Creciendo en un pueblo muy pequeño, mi primer involucramiento algo oficial con el clero y la estructura de la Iglesia fue cuando estaba en octavo grado y me pidieron ser organista parroquial en la Iglesia Santa María en Piqua, Ohio. Antes de los cambios del Concilio Vaticano II, comenzando cuando era estudiante de primer año de secundaria, tocaba en múltiples misas al día. Por lo general, tocaba el órgano para la misa de las 6:30 de la mañana y luego pasaba tiempo en la rectoría al lado de la iglesia antes de tocar en la misa de las 8 de la mañana de la escuela primaria, después de lo cual finalmente iba a mi clase. Como estaba allí cada mañana, nuestro párroco el Padre (más tarde Monseñor) Robert Von Kaenel eventualmente me mostró cómo procesar solicitudes de certificados de bautismo, lo cual hacía regularmente, estampando su firma e imprimiendo el sello de la parroquia.

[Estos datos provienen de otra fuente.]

(* Let $\mathcal{D}(\cdot)$ be a location-scale family on a convex set $\Theta\subseteq\mathbb{R}^d$, $z_\theta\sim\mathcal{D}(\theta)\iff z_\theta\overset{d}{=}(\Sigma_0+\Sigma(\theta))z_0+\mu_0+\mu\theta$, let $g:\mathbb{R}^m\to\mathbb{R}$, and let $\gamma_z\geq 0$. Suppose that for all $\theta,\theta'\in\Theta$ and $\alpha\in(0,1)$, $$\mathbb{E}_{z\sim\mathcal{D}(\alpha\theta+(1-\alpha)\theta')}[g(z)]\leq\mathbb{E}_{z\sim\alpha\mathcal{D}(\theta)+(1-\alpha)\mathcal{D}(\theta')}[g(z)]-\frac{\alpha(1-\alpha)\gamma_z}{2}\mathbb{E}\|\Sigma(\theta-\theta')z_0+\mu(\theta-\theta')\|_2^2.$$ Then for all $\theta,\theta'\in\Theta$ such that $\theta\mapsto\mathbb{E}_{z\sim\mathcal{D}(\theta)}[g(z)]$ is differentiable at $\theta$, $$\mathbb{E}_{z\sim\mathcal{D}(\theta')}[g(z)]\geq\mathbb{E}_{z\sim\mathcal{D}(\theta)}[g(z)]+\big(\nabla_\theta\mathbb{E}_{z\sim\mathcal{D}(\theta)}[g(z)]\big)^\top(\theta'-\theta)+\frac{\gamma_z}{2}\mathbb{E}\|\Sigma(\theta-\theta')z_0+\mu(\theta-\theta')\|_2^2.$$
   Context: Location-scale family: $z_0\sim\mathcal{D}_0$ is drawn from a fixed zero-mean distribution $\mathcal{D}_0$ on $\mathbb{R}^m$ with finite second moments, $\Sigma_0\in\mathbb{R}^{m\times m}$, $\mu_0\in\mathbb{R}^m$ fixed, $\mu:\mathbb{R}^d\to\mathbb{R}^m$ and $\Sigma:\mathbb{R}^d\to\mathbb{R}^{m\times m}$ linear maps; expectations $\mathbb{E}\|\cdot\|$ are over $z_0\sim\mathcal{D}_0$, and all expectations of $g$ are assumed finite. $\alpha\mathcal{D}(\theta)+(1-\alpha)\mathcal{D}(\theta')$ denotes the mixture distribution. *)

From HB Require Import structures.
From mathcomp Require Import all_boot all_order all_algebra.
From mathcomp Require Import all_classical all_reals all_analysis.
Set Implicit Arguments. Unset Strict Implicit. Unset Printing Implicit Defensive.
Import Order.TTheory GRing.Theory Num.Theory.
Import numFieldNormedType.Exports.
Local Open Scope classical_set_scope.
Local Open Scope ring_scope.

Definition sqnorm {R : realType} {m : nat} (v : 'cV[R]_m) : R :=
  \sum_(i < m) (v i ord0) ^+ 2.

Definition convex_setR {R : realType} {d : nat} (Th : set 'cV[R]_d) : Prop :=
  forall x y a, Th x -> Th y -> 0 <= a <= 1 -> Th (a *: x + (1 - a) *: y).

Definition ls_point {R : realType} {d m : nat}
  (Sigma0 : 'M[R]_m) (Sigma : {linear 'cV[R]_d -> 'M[R]_m})
  (mu0 : 'cV[R]_m) (mu : 'M[R]_(m, d)) (th : 'cV[R]_d) (z : 'cV[R]_m) : 'cV[R]_m :=
  (Sigma0 + Sigma th) *m z + mu0 + mu *m th.

(* E_{z ~ D(theta)}[g(z)], where D0 is the law of the random vector z0 on (Omega,P) *)
Definition Eg {R : realType} {d0 : measure_display} {Omega : measurableType d0}
  (P : probability Omega R) {d m : nat} (z0 : Omega -> 'cV[R]_m)
  (Sigma0 : 'M[R]_m) (Sigma : {linear 'cV[R]_d -> 'M[R]_m})
  (mu0 : 'cV[R]_m) (mu : 'M[R]_(m, d)) (g : 'cV[R]_m -> R) (th : 'cV[R]_d) : R :=
  Rintegral P setT (fun w => g (ls_point Sigma0 Sigma mu0 mu th (z0 w))).

Definition Eg_mix {R : realType} {d0 : measure_display} {Omega : measurableType d0}
  (P : probability Omega R) {d m : nat} (z0 : Omega -> 'cV[R]_m)
  (Sigma0 : 'M[R]_m) (Sigma : {linear 'cV[R]_d -> 'M[R]_m})
  (mu0 : 'cV[R]_m) (mu : 'M[R]_(m, d)) (g : 'cV[R]_m -> R)
  (a : R) (th th' : 'cV[R]_d) : R :=
  a * Eg P z0 Sigma0 Sigma mu0 mu g th + (1 - a) * Eg P z0 Sigma0 Sigma mu0 mu g th'.

Definition Enorm {R : realType} {d0 : measure_display} {Omega : measurableType d0}
  (P : probability Omega R) {d m : nat} (z0 : Omega -> 'cV[R]_m)
  (Sigma : {linear 'cV[R]_d -> 'M[R]_m}) (mu : 'M[R]_(m, d)) (v : 'cV[R]_d) : R :=
  Rintegral P setT (fun w => sqnorm (Sigma v *m z0 w + mu *m v)).

From HB Require Import structures.
From mathcomp Require Import all_boot all_order all_algebra.
From mathcomp Require Import all_classical all_reals all_analysis.
From mathcomp Require Import ring lra.
Import Order.TTheory GRing.Theory Num.Theory.
Import numFieldNormedType.Exports.
Local Open Scope classical_set_scope.
Local Open Scope ring_scope.

(* Along the segment from th to th', the strong convexity hypothesis says that
   the difference quotient (F (th + t (th' - th)) - F th) / t is at most
   F th' - F th - (1 - t) k, where k is the strong convexity term; letting
   t -> 0+ bounds the directional derivative by F th' - F th - k. *)

Section FirstOrderStrongConvexity.
Variable R : realType.

Definition strongly_convex_wrt {V : lmodType R} (Th : set V) (F : V -> R)
    (D : V -> V -> R) : Prop :=
  forall x y a, Th x -> Th y -> 0 < a < 1 ->
    F (a *: x + (1 - a) *: y) <= a * F x + (1 - a) * F y - a * (1 - a) * D x y.

Lemma differential_right_quotient_cvg {V W : normedModType R} (F : V -> W)
    (x v : V) :
  differentiable F x ->
  (fun t : R => t^-1 *: (F (t *: v + x) - F x)) @ 0^'+ --> 'd F x v.
Proof.
move=> dF.
have quotient_cvg : (fun t : R => t^-1 *: (F (t *: v + x) - F x)) @ 0^'
    --> 'd F x v.
  by rewrite -deriveE //; exact: diff_derivable.
apply: cvg_trans quotient_cvg; apply: cvg_app.
by apply: within_subset => t /= t_gt0; rewrite gt_eqF.
Qed.

Lemma differential_le_of_right_quotient {V : normedModType R} (F : V -> R)
    (x v : V) (G : R -> R) (l : R) :
  differentiable F x -> G @ 0^'+ --> l ->
  (\forall t \near 0^'+, t^-1 * (F (t *: v + x) - F x) <= G t) ->
  'd F x v <= l.
Proof.
move=> dF Gl le_quotient_G.
have Gl_sub := cvgB Gl (differential_right_quotient_cvg F x v dF).
rewrite -subr_ge0; apply: (cvgr_to_ge (Gl_sub _)).
by apply: filterS le_quotient_G => t /=; rewrite subr_ge0.
Qed.

Lemma strongly_convex_chord {V : lmodType R} (Th : set V) (F : V -> R)
    (D : V -> V -> R) (x y : V) (t : R) :
  strongly_convex_wrt Th F D -> Th x -> Th y -> 0 < t < 1 ->
  F (t *: (y - x) + x) - F x <= t * (F y - F x - (1 - t) * D x y).
Proof.
move=> convF Thx Thy /andP[t_gt0 t_lt1].
have t1_range : 0 < 1 - t < 1 by apply/andP; split; lra.
have := convF x y (1 - t) Thx Thy t1_range.
rewrite subKr.
have -> : (1 - t) *: x + t *: y = t *: (y - x) + x.
  by rewrite scalerBl scalerBr scale1r addrC addrA addrAC.
move=> le_chord.
rewrite -(lerD2r (F x)) subrK.
have -> : t * (F y - F x - (1 - t) * D x y) + F x
    = (1 - t) * F x + t * F y - (1 - t) * t * D x y by ring.
exact: le_chord.
Qed.

Lemma strongly_convex_first_order {V : normedModType R} (Th : set V)
    (F : V -> R) (D : V -> V -> R) (x y : V) :
  strongly_convex_wrt Th F D -> Th x -> Th y -> differentiable F x ->
  F x + 'd F x (y - x) + D x y <= F y.
Proof.
move=> convF Thx Thy dF.
pose G t := F y - F x - (1 - t) * D x y.
suff : 'd F x (y - x) <= G 0 by rewrite /G subr0 mul1r; lra.
have Gl : G @ 0^'+ --> G 0.
  apply: cvg_at_right_filter; apply: cvgB; first exact: cvg_cst.
  apply: cvgM; last exact: cvg_cst.
  by apply: cvgB; [exact: cvg_cst | exact: cvg_id].
apply: (differential_le_of_right_quotient F x (y - x) G) => //.
near=> t.
have t_gt0 : 0 < t by near: t; exact: nbhs_right_gt.
have t_lt1 : t < 1 by near: t; exact: nbhs_right_lt ltr01.
have t_range : 0 < t < 1 by rewrite t_gt0 t_lt1.
rewrite ler_pdivrMl //.
exact: strongly_convex_chord convF Thx Thy t_range.
Unshelve. all: by end_near.
Qed.

End FirstOrderStrongConvexity.

Theorem lemmaC1 (R : realType) (d0 : measure_display) (Omega : measurableType d0)
  (P : probability Omega R) (d m : nat) (z0 : Omega -> 'cV[R]_m)
  (Sigma0 : 'M[R]_m) (Sigma : {linear 'cV[R]_d -> 'M[R]_m})
  (mu0 : 'cV[R]_m) (mu : 'M[R]_(m, d)) (g : 'cV[R]_m -> R)
  (Th : set 'cV[R]_d) (gamma_z : R) :
  (* z0 ~ D0 : measurable, zero mean, finite second moments *)
  (forall i : 'I_m, measurable_fun setT (fun w => z0 w i ord0)) ->
  (forall i : 'I_m, P.-integrable setT (fun w => ((z0 w i ord0) ^+ 2)%:E)) ->
  (forall i : 'I_m, Rintegral P setT (fun w => z0 w i ord0) = 0) ->
  (* all expectations of g are finite *)
  (forall th : 'cV[R]_d, P.-integrable setT
      (fun w => (g (ls_point Sigma0 Sigma mu0 mu th (z0 w)))%:E)) ->
  convex_setR Th ->
  0 <= gamma_z ->
  (forall th th' a, Th th -> Th th' -> 0 < a < 1 ->
     Eg P z0 Sigma0 Sigma mu0 mu g (a *: th + (1 - a) *: th')
     <= Eg_mix P z0 Sigma0 Sigma mu0 mu g a th th'
        - a * (1 - a) * gamma_z / 2 * Enorm P z0 Sigma mu (th - th')) ->
  forall th th', Th th -> Th th' ->
    differentiable (Eg P z0 Sigma0 Sigma mu0 mu g) th ->
    Eg P z0 Sigma0 Sigma mu0 mu g th'
    >= Eg P z0 Sigma0 Sigma mu0 mu g th
       + 'd (Eg P z0 Sigma0 Sigma mu0 mu g) th (th' - th)
       + gamma_z / 2 * Enorm P z0 Sigma mu (th - th').
Proof.
(* The argument only uses the strong convexity inequality. *)
move=> _ _ _ _ _ _ strong_conv th th' Thth Thth' dF.
apply: (strongly_convex_first_order _ Th (Eg P z0 Sigma0 Sigma mu0 mu g)
  (fun x y => gamma_z / 2 * Enorm P z0 Sigma mu (x - y))) => //.
move=> x y a Thx Thy a_range.
by rewrite 2!mulrA; exact: strong_conv.
Qed.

Antes de programar mis clases del último año, me dijeron que podría completar la escuela secundaria en tres años, en parte porque era una buena estudiante en una escuela secundaria pequeña sin clases de colocación avanzada. Tenía en mente que podría querer ser Hermana de la Misericordia. Pero luchaba por comportarme en las salas de estudio, así que mis asesores académicos me inscribieron en clases adicionales. Al final del penúltimo año, necesitaba un crédito en civismo para graduarme, lo cual podría hacer en un curso de verano. Mi asesor dijo que si todavía estaba seria acerca de ingresar al convento, podríamos ver si el Colegio Nuestra Señora de Cincinnati —donde las postulantes de las Hermanas de la Misericordia asistían a clases— me aceptaría con los créditos que tenía. Sabía que mi párroco, el «Padre Von», preferiría que yo siguiera siendo su organista de primera hora de la mañana, así que le escribí una carta, marqué en el sobre «certificado de bautismo» y la deposité en el buzón parroquial del que yo misma solía sacar ese tipo de solicitudes.
Después, cuando me enteré de que había sido aceptada por las Hermanas de la Misericordia, se lo conté a mi párroco, quien dijo: «Pero no puedes tener eso sin tu certi… ¡no lo hiciste!». Le expliqué lo que había hecho y, riéndose, dijo que advertiría a las Hermanas de la Misericordia sobre mí, aunque ellas ya me conocían por haber sido mis profesoras.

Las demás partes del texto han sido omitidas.